- PROMPT: Output the complete listing. Match it exactly.

BEGIN SOURCE RECORDS

Lemma in_arc_iff_sin_pos d e : 0 <= d < 2 * PI -> 0 <= e < 2 * PI ->
  (0 < sin e <-> 0 < sin d) -> (0 < sin (d - e) <-> 0 < sin d) ->
  (0 < e < d <-> 0 < sin d).
Proof.
  intros Hd He Hed Hdd. rewrite (sin_pos_0_2PI d Hd), (sin_pos_0_2PI e He) in *. split.
  - intros Hed'. destruct (Rlt_le_dec d PI) as [| HdPI]; [lra | exfalso].
    assert (e >= PI).
    { destruct (Rlt_le_dec e PI); [| lra]. assert (0 < d < PI) by (apply Hed; lra). lra. }
    assert (Hsde : ~ 0 < sin (d - e)) by (rewrite Hdd; intros [_ ?]; lra).
    rewrite sin_pos_0_2PI in Hsde by lra. lra.
  - intros Hsd. split; [tauto |].
    destruct (Rlt_le_dec e d) as [| Hde]; [assumption | exfalso].
    pose proof (sin_ge_0 (e - d) ltac:(lra) ltac:(lra)).
    replace (d - e) with (- (e - d)) in Hdd by ring. rewrite sin_neg in Hdd.
    assert (0 < - sin (e - d)) by (apply Hdd; exact Hsd). lra.
Qed.

Lemma polar_angle_spec x y : ~ (x = 0 /\ y = 0) ->
  exists r, 0 < r /\ 0 <= polar_angle x y < 2 * PI /\
    x = r * cos (polar_angle x y) /\ y = r * sin (polar_angle x y).
Proof.
  intros Hxy. pose proof PI_RGT_0.
  set (r := sqrt (x * x + y * y)).
  assert (Hr : 0 < r).
  { apply sqrt_lt_R0. destruct (Req_dec x 0); [assert (y <> 0) by tauto |]; nra. }
  assert (Hr2 : r * r = x * x + y * y) by (apply sqrt_sqrt; nra).
  set (c := x / r).
  assert (Hx : x = r * c) by (unfold c; field; lra).
  assert (Hc : -1 <= c <= 1).
  { assert (c * c <= 1) by (apply (Rmult_le_reg_r (r * r)); nra). split; nra. }
  assert (Hsin : sqrt (1 - c²) = Rabs y / r).
  { replace (1 - c²) with ((y / r)²)
      by (unfold Rsqr, c; field_simplify_eq; lra).
    rewrite sqrt_Rsqr_abs. unfold Rdiv.
    rewrite Rabs_mult, Rabs_inv, (Rabs_right r) by lra. reflexivity. }
  exists r. unfold polar_angle. fold r. fold c.
  pose proof (acos_bound c).
  destruct (Rle_dec 0 y) as [Hy | Hy].
  - rewrite cos_acos, sin_acos, Hsin, Rabs_right by lra.
    repeat split; try lra. field. lra.
  - assert (Hacos : 0 < acos c).
    { destruct (Req_dec (acos c) 0) as [Hc0 | ]; [| lra].
      assert (c = 1) by (rewrite <- (cos_acos c Hc), Hc0; apply cos_0).
      assert (y * y = 0) by nra. nra. }
    rewrite cos_minus, sin_minus, cos_2PI, sin_2PI, cos_acos, sin_acos, Hsin, Rabs_left
      by lra.
    repeat split; try lra. field. lra.
Qed.

Definition vec_angle (x y : R) : option R :=
  if Req_dec_T x 0 then (if Req_dec_T y 0 then None else Some (polar_angle x y))
  else Some (polar_angle x y).

Lemma theta_vec_angle f : theta f = vec_angle (lf_b f) (1 - lf_a f).
Proof. reflexivity. Qed.

Lemma vec_angle_None_iff x y : vec_angle x y = None <-> x = 0 /\ y = 0.
Proof.
  unfold vec_angle.
  destruct (Req_dec_T x 0), (Req_dec_T y 0); split; intros H; try discriminate; tauto.
Qed.

Lemma vec_angle_nonzero x y : ~ (x = 0 /\ y = 0) -> vec_angle x y = Some (polar_angle x y).
Proof. unfold vec_angle. destruct (Req_dec_T x 0), (Req_dec_T y 0); tauto. Qed.

Lemma vec_angle_Some_iff x y t : vec_angle x y = Some t <->
  exists r, 0 < r /\ 0 <= t < 2 * PI /\ x = r * cos t /\ y = r * sin t.
Proof.
  split.
  - intros Ht. assert (Hxy : ~ (x = 0 /\ y = 0)) by (rewrite <- vec_angle_None_iff; congruence).
    rewrite vec_angle_nonzero in Ht by exact Hxy. injection Ht as <-.
    exact (polar_angle_spec x y Hxy).
  - intros (r & Hr & Ht & Hx & Hy).
    assert (Hxy : ~ (x = 0 /\ y = 0)).
    { intros [Hx0 Hy0]. apply (cos_sin_0 t). split; nra. }
    rewrite vec_angle_nonzero by exact Hxy. f_equal.
    destruct (polar_angle_spec x y Hxy) as (r' & Hr' & Ht' & Hx' & Hy').
    set (t' := polar_angle x y) in *.
    assert (Hrr : r = r').
    { assert (Hsq : r * r = r' * r').
      { transitivity (x * x + y * y).
        - rewrite Hx, Hy, <- (Rmult_1_r (r * r)), <- (sin2_cos2 t). unfold Rsqr. ring.
        - rewrite Hx', Hy', <- (Rmult_1_r (r' * r')), <- (sin2_cos2 t'). unfold Rsqr. ring. }
      nra. }
    subst r'. apply cos_sin_inj_0_2PI; auto.
    + apply (Rmult_eq_reg_l r); lra.
    + apply (Rmult_eq_reg_l r); lra.
Qed.

Definition sum_angle (p q tg th : R) : option R :=
  vec_angle (p * cos tg + q * cos th) (p * sin tg + q * sin th).

Section SumAngle.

END SOURCE RECORDS

- RESPONSE FOR THIS EXERCISE:
Lemma in_arc_iff_sin_pos d e : 0 <= d < 2 * PI -> 0 <= e < 2 * PI ->
  (0 < sin e <-> 0 < sin d) -> (0 < sin (d - e) <-> 0 < sin d) ->
  (0 < e < d <-> 0 < sin d).
Proof.
  intros Hd He Hed Hdd. rewrite (sin_pos_0_2PI d Hd), (sin_pos_0_2PI e He) in *. split.
  - intros Hed'. destruct (Rlt_le_dec d PI) as [| HdPI]; [lra | exfalso].
    assert (e >= PI).
    { destruct (Rlt_le_dec e PI); [| lra]. assert (0 < d < PI) by (apply Hed; lra). lra. }
    assert (Hsde : ~ 0 < sin (d - e)) by (rewrite Hdd; intros [_ ?]; lra).
    rewrite sin_pos_0_2PI in Hsde by lra. lra.
  - intros Hsd. split; [tauto |].
    destruct (Rlt_le_dec e d) as [| Hde]; [assumption | exfalso].
    pose proof (sin_ge_0 (e - d) ltac:(lra) ltac:(lra)).
    replace (d - e) with (- (e - d)) in Hdd by ring. rewrite sin_neg in Hdd.
    assert (0 < - sin (e - d)) by (apply Hdd; exact Hsd). lra.
Qed.

Lemma polar_angle_spec x y : ~ (x = 0 /\ y = 0) ->
  exists r, 0 < r /\ 0 <= polar_angle x y < 2 * PI /\
    x = r * cos (polar_angle x y) /\ y = r * sin (polar_angle x y).
Proof.
  intros Hxy. pose proof PI_RGT_0.
  set (r := sqrt (x * x + y * y)).
  assert (Hr : 0 < r).
  { apply sqrt_lt_R0. destruct (Req_dec x 0); [assert (y <> 0) by tauto |]; nra. }
  assert (Hr2 : r * r = x * x + y * y) by (apply sqrt_sqrt; nra).
  set (c := x / r).
  assert (Hx : x = r * c) by (unfold c; field; lra).
  assert (Hc : -1 <= c <= 1).
  { assert (c * c <= 1) by (apply (Rmult_le_reg_r (r * r)); nra). split; nra. }
  assert (Hsin : sqrt (1 - c²) = Rabs y / r).
  { replace (1 - c²) with ((y / r)²)
      by (unfold Rsqr, c; field_simplify_eq; lra).
    rewrite sqrt_Rsqr_abs. unfold Rdiv.
    rewrite Rabs_mult, Rabs_inv, (Rabs_right r) by lra. reflexivity. }
  exists r. unfold polar_angle. fold r. fold c.
  pose proof (acos_bound c).
  destruct (Rle_dec 0 y) as [Hy | Hy].
  - rewrite cos_acos, sin_acos, Hsin, Rabs_right by lra.
    repeat split; try lra. field. lra.
  - assert (Hacos : 0 < acos c).
    { destruct (Req_dec (acos c) 0) as [Hc0 | ]; [| lra].
      assert (c = 1) by (rewrite <- (cos_acos c Hc), Hc0; apply cos_0).
      assert (y * y = 0) by nra. nra. }
    rewrite cos_minus, sin_minus, cos_2PI, sin_2PI, cos_acos, sin_acos, Hsin, Rabs_left
      by lra.
    repeat split; try lra. field. lra.
Qed.

Definition vec_angle (x y : R) : option R :=
  if Req_dec_T x 0 then (if Req_dec_T y 0 then None else Some (polar_angle x y))
  else Some (polar_angle x y).

Lemma theta_vec_angle f : theta f = vec_angle (lf_b f) (1 - lf_a f).
Proof. reflexivity. Qed.

Lemma vec_angle_None_iff x y : vec_angle x y = None <-> x = 0 /\ y = 0.
Proof.
  unfold vec_angle.
  destruct (Req_dec_T x 0), (Req_dec_T y 0); split; intros H; try discriminate; tauto.
Qed.

Lemma vec_angle_nonzero x y : ~ (x = 0 /\ y = 0) -> vec_angle x y = Some (polar_angle x y).
Proof. unfold vec_angle. destruct (Req_dec_T x 0), (Req_dec_T y 0); tauto. Qed.

Lemma vec_angle_Some_iff x y t : vec_angle x y = Some t <->
  exists r, 0 < r /\ 0 <= t < 2 * PI /\ x = r * cos t /\ y = r * sin t.
Proof.
  split.
  - intros Ht. assert (Hxy : ~ (x = 0 /\ y = 0)) by (rewrite <- vec_angle_None_iff; congruence).
    rewrite vec_angle_nonzero in Ht by exact Hxy. injection Ht as <-.
    exact (polar_angle_spec x y Hxy).
  - intros (r & Hr & Ht & Hx & Hy).
    assert (Hxy : ~ (x = 0 /\ y = 0)).
    { intros [Hx0 Hy0]. apply (cos_sin_0 t). split; nra. }
    rewrite vec_angle_nonzero by exact Hxy. f_equal.
    destruct (polar_angle_spec x y Hxy) as (r' & Hr' & Ht' & Hx' & Hy').
    set (t' := polar_angle x y) in *.
    assert (Hrr : r = r').
    { assert (Hsq : r * r = r' * r').
      { transitivity (x * x + y * y).
        - rewrite Hx, Hy, <- (Rmult_1_r (r * r)), <- (sin2_cos2 t). unfold Rsqr. ring.
        - rewrite Hx', Hy', <- (Rmult_1_r (r' * r')), <- (sin2_cos2 t'). unfold Rsqr. ring. }
      nra. }
    subst r'. apply cos_sin_inj_0_2PI; auto.
    + apply (Rmult_eq_reg_l r); lra.
    + apply (Rmult_eq_reg_l r); lra.
Qed.

Definition sum_angle (p q tg th : R) : option R :=
  vec_angle (p * cos tg + q * cos th) (p * sin tg + q * sin th).

Section SumAngle.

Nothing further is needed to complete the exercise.